Unfortunately, it isn't quite that simple because you also need to consider voltage drop. Wire has resistance & some voltage is going to be dropped across the wire in order to push current through it. For some devices even a large amount of voltage drop is OK but for others it will be a problem.

For example, most large inverters shut down when the input voltage drops below a preset amount. If your wire is too small, you may find the wire loss is enough to shut down the inverter before the actual battery voltage is lower than the preset amount.

If you have a 3 stage converter to recharge your battery, too small a wire between the converter & battery may prevent it from going into the "Boost" mode - the fastest charging stage.

For most branch circuits from the fuse panel to most devices the general rule of keeping voltage drop to less than 3% works.
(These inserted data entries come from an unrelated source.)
(* Encode a tuple h of reduced words of length ≤ n by the pair (⟨ψ h⟩, tails), where
   (ψ h)_j = a b^j a · c_j · a b^j a, the core c_j is the prefix of length N = n - 2k - 4
   of h_j padded to a reduced word of length N + 2, and the tails are the remaining
   suffixes, of length ≤ 2k + 4.  The markers a b^j a make ψ h a small cancellation
   tuple: in a freely reduced product of the (ψ h)_j^{±1}, adjacent markers merge
   without cancelling into the cores, so a product of m factors has length ≥ m (N + 2).
   Hence the (ψ h)_j are exactly the elements of ⟨ψ h⟩ that begin with a and are
   shorter than 2 (N + 2): the subgroup determines ψ h, and the encoding is injective.
   Thus |R_{≤n}^k| ≤ M |T_n| with M independent of n, while choosing generators gives
   |T_n ∩ X| ≤ |R_{≤n}^k ∩ Y|.  So Q_n(X) ≤ M P_n(Y), likewise for the complements,
   and the four statements follow. *)

From Stdlib Require Import Reals Lra Lia List Arith.
From Stdlib Require Import ClassicalEpsilon FunctionalExtensionality PropExtensionality.
Import ListNotations.
Open Scope nat_scope.

Definition dec (P : Prop) : {P} + {~ P} := excluded_middle_informative P.

Definition enumerates {U : Type} (S : U -> Prop) (l : list U) : Prop :=
  NoDup l /\ forall x, In x l <-> S x.

Lemma enumerates_exists {U : Type} (S : U -> Prop) (l : list U) :
  (forall x, S x -> In x l) -> exists l', enumerates S l'.
Proof.
  intros Hcover.
  exists (nodup (fun x y => dec (x = y)) (filter (fun x => if dec (S x) then true else false) l)).
  split; [apply NoDup_nodup|].
  intros x. rewrite nodup_In, filter_In.
  specialize (Hcover x). destruct (dec (S x)); intuition congruence.
Qed.

Lemma enumerates_subset {U : Type} (S P : U -> Prop) l :
  enumerates S l -> exists l', enumerates (fun x => S x /\ P x) l'.
Proof. intros [_ Hl]. apply (enumerates_exists _ l). intros x [Sx _]. now apply Hl. Qed.

Lemma fcard_enumerates {U : Type} {S : U -> Prop} {l : list U} :
  enumerates S l -> fcard S = length l.
Proof.
  intros [Nl Hl]. unfold fcard.
  destruct (epsilon_spec (inhabits 0)
    (fun m => exists l : list U, NoDup l /\ length l = m /\ forall x, In x l <-> S x))
    as [l' (Nl' & <- & Hl')]; [now exists (length l), l|].
  apply Nat.le_antisymm; apply NoDup_incl_length; auto; intros x Hx.
  - apply Hl, Hl', Hx.
  - apply Hl', Hl, Hx.
Qed.

Lemma fcard_ext {U : Type} (S S' : U -> Prop) : (forall x, S x <-> S' x) -> fcard S = fcard S'.
Proof.
  intros H. replace S' with S; [reflexivity|].
  extensionality x. apply propositional_extensionality, H.
Qed.

Lemma fcard_pos {U : Type} (S : U -> Prop) l x : enumerates S l -> S x -> 0 < fcard S.
Proof.
  intros El Sx. rewrite (fcard_enumerates El).
  destruct El as [_ El]. apply El in Sx. destruct l; [destruct Sx|simpl; lia].
Qed.

Lemma fcard_le_of_injective {U V : Type} (S : U -> Prop) (S' : V -> Prop) (f : U -> V) l l' :
  enumerates S l -> enumerates S' l' -> (forall x, S x -> S' (f x)) ->
  (forall x y, S x -> S y -> f x = f y -> x = y) -> fcard S <= fcard S'.
Proof.
  intros El El' Hmaps Hinj.
  rewrite (fcard_enumerates El), (fcard_enumerates El'), <- (length_map f l).
  destruct El as [Nl Hl], El' as [_ Hl'].
  apply NoDup_incl_length.
  - apply NoDup_map_NoDup_ForallPairs; auto.
    intros x y Hx Hy. apply Hinj; apply Hl; assumption.
  - intros y (x & <- & Hx)%in_map_iff. apply Hl', Hmaps, Hl, Hx.
Qed.

Lemma fcard_split {U : Type} (S P : U -> Prop) l : enumerates S l ->
  fcard S = fcard (fun x => S x /\ P x) + fcard (fun x => S x /\ ~ P x).
Proof.
  intros [Nl Hl].
  set (f := fun x => if dec (P x) then true else false).
  rewrite (fcard_enumerates (conj Nl Hl)).
  rewrite (@fcard_enumerates _ _ (filter f l)),
    (@fcard_enumerates _ _ (filter (fun x => negb (f x)) l)).
  1: symmetry; apply filter_length.
  all: split; [now apply NoDup_filter|].
  all: intros x; rewrite filter_In, Hl; unfold f; destruct (dec (P x)); simpl; intuition congruence.
Qed.

Lemma enumerates_prod {U V : Type} {S1 : U -> Prop} {S2 : V -> Prop} {l1 l2} :
  enumerates S1 l1 -> enumerates S2 l2 ->
  enumerates (fun p : U * V => S1 (fst p) /\ S2 (snd p)) (list_prod l1 l2).
Proof.
  intros [N1 H1] [N2 H2]. split.
  - clear H1. induction N1 as [|x l1 Hx N1 IH]; simpl; [constructor|].
    apply NoDup_app; auto.
    + apply NoDup_map_NoDup_ForallPairs; auto. intros y z _ _ E. now injection E.
    + intros [y z] (w & E & _)%in_map_iff Hn. injection E as <- <-.
      apply in_prod_iff in Hn. tauto.
  - intros [x y]. rewrite in_prod_iff, H1, H2. reflexivity.
Qed.

Lemma fcard_prod {U V : Type} {S1 : U -> Prop} {S2 : V -> Prop} {l1 l2} :
  enumerates S1 l1 -> enumerates S2 l2 ->
  fcard (fun p : U * V => S1 (fst p) /\ S2 (snd p)) = fcard S1 * fcard S2.
Proof.
  intros E1 E2.
  rewrite (fcard_enumerates (enumerates_prod E1 E2)), (fcard_enumerates E1), (fcard_enumerates E2).
  apply length_prod.
Qed.

Fixpoint lists_le {U : Type} (L : list U) (n : nat) : list (list U) :=
  match n with
  | 0 => [[]]
  | S n => [] :: flat_map (fun x => map (cons x) (lists_le L n)) L
  end.

Lemma in_lists_le {U : Type} (L : list U) n (w : list U) :
  length w <= n -> (forall x, In x w -> In x L) -> In w (lists_le L n).
Proof.
  revert w; induction n as [|n IH]; intros [|x w] Hlen Hin; simpl in *; auto; try lia.
  right. apply in_flat_map. exists x. split; auto.
  apply in_map, IH; auto. lia.
Qed.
There is a calculator at the bottom of the wire size table linked above that lets you enter current, wire size, voltage & wire length to calculate drop. You will find that for most runs over a couple of feet you need to stay well under the maximum current for the specific wire size to keep the voltage drop under 3%.

For example, that 55 amp rating for10' of #10 would result in a voltage drop of 1.13 volts or 10.86 volts at the load (an 9.42% drop). To stay within the recommended 3% the maximum current you could draw would be around 18 amps.

I agree with Byron that you can use wiring smaller than #10 to save money & ease of wiring, however for large loads such as 12V refers, converters & inverters actual calculations will produce better results.

All in all, spending some time planning 12V wiring will save you needing to rewire things in the future. A very useful site for more information is The 12 Volt Side of Life, Part 1 & 2 by Mark S. Nemeth.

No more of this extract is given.